Every step was a little more expensive than the last. Every step was a little more painful than the last. Our insurance company would require several rounds of each treatment before allowing you to try the next. It started with a simple pill, then they increased the dose, and increased the dose. I went to an infertility clinic with doctors that specialized in my condition. I was quite positive that my problems were about to be solved and that I would be 'knocked up' in a matter of months.... that was 3 years ago.
We did round after round of IUI's (intrauterine insemination). Each round required multiple blood tests and an ultrasound every 3 to 5 days all month long. Carson became really good at attending these crazy appointments. He always sat patiently behind the curtain and would help the doctor by turning off and on the lights. I cant remember him complaining about any of it. Our Nurse and Ultrasound Tech knew him by name and were always impressed by what a good kid he was.

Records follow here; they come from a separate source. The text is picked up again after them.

(* Let $E(\lambda,\eta,\xi)$ be analytic in a neighborhood of $0\in\mathbb{C}^3$ with Taylor coefficients $a_{(i,j,k)}\in(\sqrt{-1})^{j+k}\mathbb{R}$, such that $E(\lambda,-\eta,\xi)=E(\lambda,\eta,\xi)$, $E(0,0,\xi)\equiv0$, $a_{(1,0,0)}=0$, $a_{(2,0,0)}\ne0$, $a_{(0,2,0)}\ne0$. Write near the origin $E=Wh$ with $h(0,0,0)\ne0$ and $W(\lambda;\eta,\xi)=\lambda^2+b(\eta,\xi)\lambda+c(\eta,\xi)$, $b=b_{01}\xi+b_{02}\xi^2+b_{20}\eta^2+O(|\eta|+|\xi|)^3$, $c=\eta^2(c_{20}+c_{21}\xi+O(|\eta|+|\xi|)^2)$, and assume $c_{20}>0$. Define ${\rm ind}_1=b_{02}$, ${\rm ind}_2=b_{20}$, ${\rm ind}_3=c_{21}^2(b_{01}^2b_{20}^2-2b_{01}b_{20}c_{21}+4b_{02}b_{20}c_{20}+c_{21}^2)$, ${\rm ind}_4=-b_{01}b_{20}c_{21}+2b_{02}b_{20}c_{20}+c_{21}^2$, ${\rm ind}_5=-b_{01}c_{21}+b_{02}c_{20}$. Suppose one of: (i) ${\rm ind}_1<0$ or ${\rm ind}_2<0$; (ii) ${\rm ind}_1>0$, ${\rm ind}_2>0$, ${\rm ind}_3>0$ and ${\rm ind}_4\le0$; (iii) ${\rm ind}_1>0$, ${\rm ind}_2>0$, ${\rm ind}_3>0$ and ${\rm ind}_5<0$. Then for every $r>0$ there exist real $(\eta,\xi)$ with $0<|\eta|+|\xi|<r$ and a root $\lambda$ of $W(\cdot;\eta,\xi)$ (a zero of $E(\cdot,\eta,\xi)$ near $0$) with $\Re\lambda>0$.
   Context: In the paper, $E$ is the periodic Evans–Lopatinsky determinant of a planar roll wave of the inviscid Saint-Venant equations, and the conclusion is low-frequency spectral instability. Under the hypotheses, $b_{02},b_{20},c_{20}\in\mathbb{R}$ and $b_{01},c_{21}\in i\mathbb{R}$, so the indices are real. *)

From HB Require Import structures.
From mathcomp Require Import all_boot all_order all_algebra.
From mathcomp Require Import reals.
From mathcomp Require Import complex.
Set Implicit Arguments. Unset Strict Implicit. Unset Printing Implicit Defensive.
Import Order.TTheory GRing.Theory Num.Theory.
Local Open Scope ring_scope.

Definition iC (R : realType) : R[i] := Complex 0 1.

Definition cvgC (R : realType) (s : nat -> R[i]) (l : R[i]) : Prop :=
  forall e : R[i], 0 < e -> exists N : nat, forall n : nat, (N <= n)%N -> `|s n - l| < e.

Definition ps3 (R : realType) (a : nat -> nat -> nat -> R[i]) (N : nat) (x y z : R[i]) : R[i] :=
  \sum_(i < N) \sum_(j < N) \sum_(k < N) a i j k * x ^+ i * y ^+ j * z ^+ k.
Definition abs3 (R : realType) (a : nat -> nat -> nat -> R[i]) (N : nat) (x y z : R[i]) : R[i] :=
  \sum_(i < N) \sum_(j < N) \sum_(k < N) `|a i j k| * `|x| ^+ i * `|y| ^+ j * `|z| ^+ k.

(* f is analytic on the polydisc of radius rho around 0 in C^3, with Taylor
   coefficients a: the power series converges absolutely there and sums to f *)
Definition has_ps3 (R : realType) (a : nat -> nat -> nat -> R[i])
  (f : R[i] -> R[i] -> R[i] -> R[i]) (rho : R[i]) : Prop :=
  0 < rho /\
  forall x y z : R[i], `|x| < rho -> `|y| < rho -> `|z| < rho ->
    (exists M : R[i], forall N : nat, abs3 a N x y z <= M) /\
    cvgC (fun N => ps3 a N x y z) (f x y z).

Definition ps2 (R : realType) (a : nat -> nat -> R[i]) (N : nat) (x y : R[i]) : R[i] :=
  \sum_(j < N) \sum_(k < N) a j k * x ^+ j * y ^+ k.
Definition abs2 (R : realType) (a : nat -> nat -> R[i]) (N : nat) (x y : R[i]) : R[i] :=
  \sum_(j < N) \sum_(k < N) `|a j k| * `|x| ^+ j * `|y| ^+ k.
Definition has_ps2 (R : realType) (a : nat -> nat -> R[i])
  (f : R[i] -> R[i] -> R[i]) (rho : R[i]) : Prop :=
  0 < rho /\
  forall x y : R[i], `|x| < rho -> `|y| < rho ->
    (exists M : R[i], forall N : nat, abs2 a N x y <= M) /\
    cvgC (fun N => ps2 a N x y) (f x y).

Definition Wpoly (R : realType) (b c : R[i] -> R[i] -> R[i]) (l eta xi : R[i]) : R[i] :=
  l ^+ 2 + b eta xi * l + c eta xi.

Definition ind1 (R : realType) (b01 b02 b20 c20 c21 : R[i]) : R[i] := b02.
Definition ind2 (R : realType) (b01 b02 b20 c20 c21 : R[i]) : R[i] := b20.
Definition ind3 (R : realType) (b01 b02 b20 c20 c21 : R[i]) : R[i] :=
  c21 ^+ 2 * (b01 ^+ 2 * b20 ^+ 2 - 2 * b01 * b20 * c21 + 4 * b02 * b20 * c20 + c21 ^+ 2).
Definition ind4 (R : realType) (b01 b02 b20 c20 c21 : R[i]) : R[i] :=
  - b01 * b20 * c21 + 2 * b02 * b20 * c20 + c21 ^+ 2.
Definition ind5 (R : realType) (b01 b02 b20 c20 c21 : R[i]) : R[i] :=
  - b01 * c21 + b02 * c20.

From HB Require Import structures.
From mathcomp Require Import all_boot all_order all_algebra.
From mathcomp Require Import reals.
From mathcomp Require Import complex.
From mathcomp Require Import ring lra.
Import Order.TTheory GRing.Theory Num.Theory.
Local Open Scope ring_scope.
Local Open Scope complex_scope.

(* Only the Taylor data of b and c enter.  Restricted to a real line
   (eta, xi) = (t X, t Y), t -> 0+, the power series of b and c agree up to
   O(t^3), resp. O(t^4), with polynomials in t whose coefficients are built
   from b01, b02, b20, c20, c21.  A root of l^2 + b l + c has positive real
   part as soon as Re b < 0 or the Hurwitz determinant
   (Re b)^2 Re c + Re b Im b Im c - (Im c)^2 is negative.  On the xi-axis
   Re b = Re b01 t + Re b02 t^2 + O(t^3), on the eta-axis Re b = Re b20 t^2 + O(t^3),
   which handles Re b01 <> 0 and case (i).  On the line eta = sqrt m xi the
   Hurwitz determinant is t^6 m (c20 b20^2 m^2 + ind4 m + b02 ind5) + O(t^7),
   and each of (ii), (iii) makes this quadratic in m negative at some m > 0
   (ind3 is its discriminant).
   The hypotheses on E and on the factorization are not needed: an index
   compared with 0 is real, which supplies the reality of b02, b20, c20 and
   of c21 / i, while Re b01 <> 0 already gives instability. *)

Section ComplexParts.
Context {R : realType}.
Local Notation Re := complex.Re.
Local Notation Im := complex.Im.
Implicit Types (x y z : R[i]) (r : R).

Lemma Re_add x y : Re (x + y) = Re x + Re y. Proof. by case: x; case: y. Qed.
Lemma Im_add x y : Im (x + y) = Im x + Im y. Proof. by case: x; case: y. Qed.
Lemma Re_opp x : Re (- x) = - Re x. Proof. by case: x. Qed.
Lemma Im_opp x : Im (- x) = - Im x. Proof. by case: x. Qed.
Lemma Re_sub x y : Re (x - y) = Re x - Re y. Proof. by rewrite Re_add Re_opp. Qed.
Lemma Im_sub x y : Im (x - y) = Im x - Im y. Proof. by rewrite Im_add Im_opp. Qed.
Lemma Re_mul x y : Re (x * y) = Re x * Re y - Im x * Im y. Proof. by case: x; case: y. Qed.
Lemma Im_mul x y : Im (x * y) = Re x * Im y + Im x * Re y. Proof. by case: x; case: y. Qed.
Lemma Re_natr n : Re (n%:R : R[i]) = n%:R. Proof. by rewrite -(rmorph_nat (real_complex R)). Qed.
Lemma Im_natr n : Im (n%:R : R[i]) = 0. Proof. by rewrite -(rmorph_nat (real_complex R)). Qed.

Lemma Re_mul_real z r : Re (z * r%:C) = Re z * r.
Proof. by rewrite Re_mul /= mulr0 subr0. Qed.

Lemma Im_mul_real z r : Im (z * r%:C) = Im z * r.
Proof. by rewrite Im_mul /= mulr0 add0r mulrC. Qed.

Lemma normc_real r : `|r%:C| = `|r|%:C.
Proof. by rewrite normc_def /= expr0n /= addr0 sqrtr_sqr. Qed.

Lemma Re_complexE z : 'Re z = (Re z)%:C.
Proof. by rewrite ReJ_add ReE. Qed.

Lemma gtc0_parts {z} : 0 < z -> Im z = 0 /\ 0 < Re z.
Proof. by rewrite ltcE /= => /andP[/eqP -> ->]. Qed.

Lemma ltc0_parts {z} : z < 0 -> Im z = 0 /\ Re z < 0.
Proof. by rewrite ltcE /= => /andP[/eqP <- ->]. Qed.

Lemma ge0_real z : 0 <= z -> z = (Re z)%:C.
Proof. by case: z => x y; rewrite lecE /= => /andP[/eqP -> _]. Qed.

Lemma ler_norm_Re z e : `|z| <= e%:C -> `|Re z| <= e.
Proof.
rewrite normc_def lecR; apply: le_trans.
by rewrite -sqrtr_sqr ler_wsqrtr // lerDl sqr_ge0.
Qed.

Lemma ler_norm_Im z e : `|z| <= e%:C -> `|Im z| <= e.
Proof.
rewrite normc_def lecR; apply: le_trans.
by rewrite -sqrtr_sqr ler_wsqrtr // lerDr sqr_ge0.
Qed.

End ComplexParts.

Section QuadraticRoots.
Context {R : rcfType}.
Local Notation Re := complex.Re.
Local Notation Im := complex.Im.

Definition hurwitz_det (br bi cr ci : R) := br ^+ 2 * cr + br * bi * ci - ci ^+ 2.

Lemma complex_vieta (b c : R[i]) : exists l1 l2, b = - (l1 + l2) /\ c = l1 * l2.
Proof.
have n2 : (2 : R[i]) != 0 by rewrite pnatr_eq0.
pose d := sqrtc (b ^+ 2 - 4 * c).
exists ((- b + d) / 2), ((- b - d) / 2); split; first by field.
have -> : (- b + d) / 2 * ((- b - d) / 2) = (b ^+ 2 - d ^+ 2) / 4 by field.
by rewrite sqr_sqrtc; field.
Qed.

Lemma quadratic_root_Re_gt0 (b c : R[i]) :
  Re b < 0 \/ hurwitz_det (Re b) (Im b) (Re c) (Im c) < 0 ->
  exists l, l ^+ 2 + b * l + c = 0 /\ 0 < Re l.
Proof.
have [l1 [l2 [-> ->]]] := complex_vieta b c; move=> Hbc.
have [Rel1|Rel1] := ltrP 0 (Re l1); first by exists l1; split => //; ring.
have [Rel2|Rel2] := ltrP 0 (Re l2); first by exists l2; split => //; ring.
exfalso; move: Hbc Rel1 Rel2; case: l1 => x1 y1; case: l2 => x2 y2 /=.
have -> : hurwitz_det (- (x1 + x2)) (- (y1 + y2)) (x1 * x2 - y1 * y2) (x1 * y2 + y1 * x2)
          = x1 * x2 * ((x1 + x2) ^+ 2 + (y1 - y2) ^+ 2) by rewrite /hurwitz_det; ring.
move=> + x1_le0 x2_le0; have : 0 <= x1 * x2 * ((x1 + x2) ^+ 2 + (y1 - y2) ^+ 2).
  by rewrite mulr_ge0 ?addr_ge0 ?sqr_ge0 ?mulr_le0.
lra.
Qed.

End QuadraticRoots.

Section LinearLimits.
Context {R : realFieldType}.
Implicit Types (f g u v : R -> R) (l m : R).

(* [f t = l + O(t)] as [t -> 0+]; this quantitative form is what the power
   series estimates deliver. *)
Definition lim0 f l := exists K t0 : R,
  [/\ 0 <= K, 0 < t0 & forall t, 0 < t -> t <= t0 -> `|f t - l| <= K * t].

There was only one time that I decided to give up. It wasn't just a "I need a break", but a real true "I QUIT!!" mad at God, hate my life, moment. Our latest round of IUI hadn't worked. I sat staring at the tiny vile of medication that couldn't hold 10 drops of liquid but cost $500, and had a wee bit of a melt down.
I began my secret/not so secret investigation into adoption. I would have done it in a instant... if I could only convince Curtis. He has always been a big supporter of adoption, but just didn't feel like it was time for us to pursue that option yet. He kept telling me "not yet" every time we talked about it.
He was eventually able to convince me that I was not the walking money pit, and that our efforts and high medical bills would all be worth it one day.
As of January of this year we met the qualifications with our insurance company to try IVF. Oddly enough , as of January of this year our insurance company also changed its rules, thus not requiring any of the IUI treatments.
!@#$^%$#@
is the only thing that comes to mind.
The IVF process is very exact. It involves very specific medication taken at very specific times (down to the hour). I am not going to go into more detail about the process. Just know that it really, really hurt. I think this picture helps to describe what happens.
That. And the fact that I woke up after the procedure crying. They were able to extract the astronomical amount of 36 eggs. Nearly all of them survived to be embryos, and 9 are currently suspended in cryofreeze as the worlds most expensive popsicles.
When it came time to put the embryos back inside the Mama (me) we went to the hospital fully prepared to have the them put back two. Twins. However, the doctor had had bit of a tantrum. He said he was willing to talk about it with us all day, but in the end he would only be putting one embryo back. Instead of having a power struggle right there in the operating room we agreed to follow his plan instead of ours. His was better anyway.
The good news is that we have 9 more embryos. What are the odds that they are ALL boys?